Other services also report incremental growth while acknowledging that many computer-savvy Christians have yet to catch on to the practical advantages of real-time contact with servants in far-away places.
Mae Robinson was converted to the cause about the time STN began. At a local missions conference, the Oostburg, Wis., resident picked up prayer cards for 80 missionaries and vowed to start writing to and praying for them. She began the vocation with long-hand letters and an extensive collection of manila folders, but found that eventually she was sending mostly postcards. Now, she says, 60 percent of her subjects have e-mail accounts, and her correspondence with them takes more the form of conversation.
"They can send me a prayer request for that day, I can read it and pray for them in real time, and sometimes hear from them about God's answer the same day," she said.

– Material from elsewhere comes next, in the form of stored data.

Lemma prune_swaps_perm u P : swap_perm_for u P -> swap_perm_for u (prune_swaps u P).
Proof.
case/andP=> sizeP sepP; rewrite /swap_perm_for size_map size_iota sizeP /=.
apply/hasPn=> i _; rewrite !nth_prune_swaps; have := swapsep_adj i sepP.
by case: (nth false P i); case: (nth false P i.+1) => //= _; rewrite ?andbF.
Qed.

Lemma prune_swaps_valid u P : valid_swaps u (prune_swaps u P).
Proof. by apply/allP=> i _; rewrite nth_prune_swaps; apply/implyP=> /andP[]. Qed.

Lemma apply_prune_swaps u P : swap_perm_for u P ->
  apply_swaps (prune_swaps u P) u = apply_swaps P u.
Proof.
move=> uP; apply: apply_swaps_eq; rewrite ?size_apply_swaps ?prune_swaps_perm //.
move=> x0 i lt_iu; rewrite nth_apply_swaps // /swap_idx !nth_prune_swaps.
rewrite -!(odflt_onth x0); have := swapsep_adj i.-1 (proj2 (andP uP)).
case: i {lt_iu} => [|i] /=.
  by case: (nth false P 0) => //=; case: eqP => //= ->.
case: (nth false P i.+1) => /=; first by rewrite andbT => ->; case: eqP => //= ->.
by case: (nth false P i) => //=; case: eqP => //= ->.
Qed.

Lemma hstrP u v : matching u v ->
  [/\ swap_perm_for u (hstr u v), valid_swaps u (hstr u v) & apply_swaps (hstr u v) u = v].
Proof.
case=> P [uP <-]; rewrite /hstr; case: pickP => [T /andP[/andP[sepT validT] /eqP <-] | noT].
  by split=> //; rewrite /swap_perm_for size_tuple eqxx.
have /andP[sizeQ sepQ] := prune_swaps_perm uP.
have := noT (Tuple sizeQ).
by rewrite /= sepQ prune_swaps_valid apply_prune_swaps // eqxx.
Qed.

Lemma hstr_unique u v Q : swap_perm_for u Q -> valid_swaps u Q ->
  apply_swaps Q u = v -> hstr u v = Q.
Proof.
move=> uQ validQ QuE; have [uH validH HuE] := hstrP (ex_intro _ Q (conj uQ QuE)).
by apply: valid_swaps_inj validH validQ _; rewrite // HuE QuE.
Qed.

Lemma matching_refl u : matching u u.
Proof.
have uI : swap_perm_for u (nseq (size u).-1 false).
  rewrite /swap_perm_for size_nseq eqxx /=.
  by apply/hasPn=> i _; rewrite !nth_nseq; case: ifP; case: ifP.
exists (nseq (size u).-1 false); split=> //; apply: apply_swaps_eq => // x0 i _.
by rewrite /swap_idx !nth_nseq !if_same andbF.
Qed.

Lemma matching_sym u v : matching u v -> matching v u.
Proof. by case=> P [uP <-]; exists P; rewrite swap_perm_for_apply apply_swapsK. Qed.

Lemma hstr_sym u v : matching u v -> hstr v u = hstr u v.
Proof.
move=> /hstrP[]; set H := hstr u v => uH validH <-.
apply: hstr_unique; rewrite ?swap_perm_for_apply ?valid_swaps_apply //.
exact: apply_swapsK.
Qed.

Lemma hstr_swapped_neq x0 u v p : matching u v -> nth false (hstr u v) p ->
  nth x0 v p <> nth x0 u p.
Proof.
move=> /hstrP[]; set H := hstr u v => uH validH <- Hp.
have lt_pu := swap_perm_lt uH Hp.
rewrite nth_apply_swaps ?swap_idx_l //; last lia.
by move=> /esym; apply: valid_swaps_neq uH validH Hp.
Qed.

Lemma count_take_apply_swaps u P x0 k c : swap_perm_for u P -> k.+1 < size u ->
  count_mem c (take k.+1 (apply_swaps P u)) + nth false P k * (nth x0 u k == c) =
  count_mem c (take k.+1 u) + nth false P k * (nth x0 u k.+1 == c).
Proof.
move=> uP; have sepP : swapsep P by case/andP: uP.
have sizeA := size_apply_swaps u P.
elim: k => [|k IH] lt_ku.
  rewrite !(take_nth x0) ?sizeA; try lia.
  rewrite !take0 /= nth_apply_swaps //; last lia.
  rewrite /swap_idx /=.
  by case: (nth false P 0) => /=; lia.
rewrite (take_nth x0 (n := k.+1)) ?sizeA; last lia.
rewrite (take_nth x0 (n := k.+1) (s := u)); last lia.
rewrite -!cats1 !count_cat /= nth_apply_swaps //; last lia.
have := IH ltac:(lia); have := swapsep_adj k sepP; rewrite /swap_idx /=.
by case: (nth false P k); case: (nth false P k.+1) => //= _; lia.
Qed.

Lemma swap_of_count_take_neq u P k c : swap_perm_for u P -> k.+1 < size u ->
  count_mem c (take k.+1 (apply_swaps P u)) != count_mem c (take k.+1 u) ->
  nth false P k.
Proof.
move=> uP lt_ku; have [x0 _] : exists x0 : Sigma, True by case: (u) lt_ku => // a; exists a.
have := count_take_apply_swaps x0 c uP lt_ku.
by case: (nth false P k) => //; rewrite !mul0n !addn0 => ->; rewrite eqxx.
Qed.

Lemma take3_drop x0 u p : p.+2 < size u ->
  take 3 (drop p u) = [:: nth x0 u p; nth x0 u p.+1; nth x0 u p.+2].
Proof.
move=> lt_pu; rewrite (drop_nth x0) ?(drop_nth x0 (n := p.+1)) ?(drop_nth x0 (n := p.+2)) //;
  try lia.
by rewrite /= take0.
Qed.

Lemma matching_xorb (x y z : seq Sigma) : matching x y -> matching y z ->
  swapsep (xorb_seq (hstr x y) (hstr y z)) ->
  matching x z /\ xorb_seq (hstr x y) (hstr y z) = hstr x z.
Proof.
move=> Mxy Myz.
have [xP1 validP1 P1xE] := hstrP Mxy; have [yP2 validP2 P2yE] := hstrP Myz.
set P1 := hstr x y in xP1 validP1 P1xE *; set P2 := hstr y z in yP2 validP2 P2yE *.
set h := xorb_seq P1 P2 => seph.
have sep1 : swapsep P1 by case/andP: xP1.
have sep2 : swapsep P2 by case/andP: yP2.
have size_y : size y = size x by rewrite -P1xE size_apply_swaps.
have sizeP12 : size P1 = size P2.
  by case/andP: xP1 => /eqP ->; case/andP: yP2 => /eqP ->; rewrite size_y.
have nth_h j : nth false h j = nth false P1 j (+) nth false P2 j.
  exact: nth_xorb_seq.
have xh : swap_perm_for x h.
  by rewrite /swap_perm_for size_xorb_seq // seph andbT; case/andP: xP1.
have hxE : apply_swaps h x = z.
  apply: apply_swaps_eq => [//||x0 i lt_ix]; first by rewrite -P2yE !size_apply_swaps.
  rewrite -P2yE nth_apply_swaps ?size_y // -P1xE nth_apply_swaps //.
    by rewrite (swap_idx_comp sep1 sep2 seph nth_h).
  by rewrite -size_y; apply: swap_idx_lt; rewrite ?size_y.
have validh : valid_swaps x h.
  apply: valid_swaps_of_neq => // x0 i; rewrite nth_h.
  case P1i: (nth false P1 i) => /=; first by move=> _; apply: valid_swaps_neq xP1 validP1 P1i.
  move=> P2i.
  have [fix_i fix_i1] := swap_idx_fixed sep1 sep2 seph nth_h P2i (negbT P1i).
  have lt_iy := swap_perm_lt yP2 P2i.
  have := valid_swaps_neq (x0 := x0) yP2 validP2 P2i.
  rewrite size_y in lt_iy.
  by rewrite -P1xE !nth_apply_swaps ?fix_i ?fix_i1 // ltnW.
by split; [exists h | rewrite (hstr_unique xh validh hxE)].
Qed.

Section Window.
Variables (x y z t : seq Sigma) (p : nat) (P1 P2 R S : bitseq).
Hypotheses (xP1 : swap_perm_for x P1) (validP1 : valid_swaps x P1) (P1xE : apply_swaps P1 x = y).
Hypotheses (yP2 : swap_perm_for y P2) (validP2 : valid_swaps y P2) (P2yE : apply_swaps P2 y = z).
Hypotheses (P1p : nth false P1 p) (P2p1 : nth false P2 p.+1).
Hypotheses (xR : swap_perm_for x R) (RxE : apply_swaps R x = t).
Hypotheses (zS : swap_perm_for z S) (SzE : apply_swaps S z = t).

Lemma window_lt : p.+2 < size x.
Proof. by have := swap_perm_lt yP2 P2p1; rewrite -P1xE size_apply_swaps. Qed.

Lemma window_swaps : nth false R p /\ nth false S p.+1.
Proof.
have size_y : size y = size x by rewrite -P1xE size_apply_swaps.
have lt_px := window_lt.
have [x0 _] : exists x0 : Sigma, True by case: (x) lt_px => // a; exists a.
have P2p : nth false P2 p = false by have := swapsep_adj p (proj2 (andP yP2)); rewrite P2p1 andbT.
have P1p1 : nth false P1 p.+1 = false by have := swapsep_adj p (proj2 (andP xP1)); rewrite P1p.
have lt_p1 : p.+1 < size x := ltnW lt_px.
have y_p1 : nth x0 y p.+1 = nth x0 x p.
  by rewrite -P1xE nth_apply_swaps ?swap_idx_r //; case/andP: xP1.
have z_p1 : nth x0 z p.+1 = nth x0 y p.+2.
  by rewrite -P2yE nth_apply_swaps ?swap_idx_l ?size_y.
have neq_x := valid_swaps_neq (x0 := x0) xP1 validP1 P1p.
have neq_y := valid_swaps_neq (x0 := x0) yP2 validP2 P2p1.
have size_z : size z = size x by rewrite -P2yE size_apply_swaps.
set b := nth x0 x p.
have xb1 : (nth x0 x p.+1 == b) = false by apply/negbTE/eqP=> /esym /neq_x.
have yb1 : (nth x0 y p.+1 == b) by rewrite y_p1.
have yb2 : (nth x0 y p.+2 == b) = false by rewrite /b -y_p1; apply/negbTE/eqP=> /esym /neq_y.
have zb1 : (nth x0 z p.+1 == b) = false by rewrite z_p1.
have cnt u Q k := @count_take_apply_swaps u Q x0 k b.
(* Counts of b in prefixes: at k = p, t <= z = y = x - 1; at k = p+1,
   t >= x = y = z + 1. *)
split.
- have := cnt x P1 p xP1 lt_p1; rewrite P1xE P1p eqxx xb1 /= => cnt_y.
  have := cnt y P2 p yP2 ltac:(by rewrite size_y); rewrite P2yE P2p /= => cnt_z.
  have := cnt z S p zS ltac:(by rewrite size_z); rewrite SzE zb1 muln0 => cnt_t.
  apply: (swap_of_count_take_neq (c := b) xR lt_p1); rewrite RxE.
  by move: cnt_y cnt_z cnt_t; clear; lia.
- have := cnt x P1 p.+1 xP1 lt_px; rewrite P1xE P1p1 /= => cnt_y.
  have := cnt y P2 p.+1 yP2 ltac:(by rewrite size_y); rewrite P2yE P2p1 yb1 yb2 /= => cnt_z.
  have := cnt x R p.+1 xR lt_px; rewrite RxE xb1 muln0 => cnt_t.
  apply: (swap_of_count_take_neq (c := b) zS); first by rewrite size_z.
  by rewrite SzE; move: cnt_y cnt_z cnt_t; clear; lia.
Qed.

Mr. Hatch is keen on the growth of mission-mindedness through computer access, but cautious about all its forms. Most networks are "unmoderated," which means that if anyone posts a message, everyone on the list gets it. This, he says, can lead to the rapid spread of misinformation and can put missionaries in danger. Dispatchers for STN are trained and tested in filtering what comes in. Requests for money are automatically returned. Names and places are removed if there are questions of safety. And dispatchers are asked to develop a sixth sense about fakes.
Mr. Hatch recently tested the dispatchers with an urgent e-mail message from the Philippines. It reported a Catholic church "under siege" by street rioters and a heavy toll of injuries. "'Under siege' is strong terminology," he said, and it tipped him off. After checking wire services and with other missionaries in Manila, he concluded it was a fraud. The other dispatchers caught on, too, a reminder that even the wonders of computing need to be covered with common sense.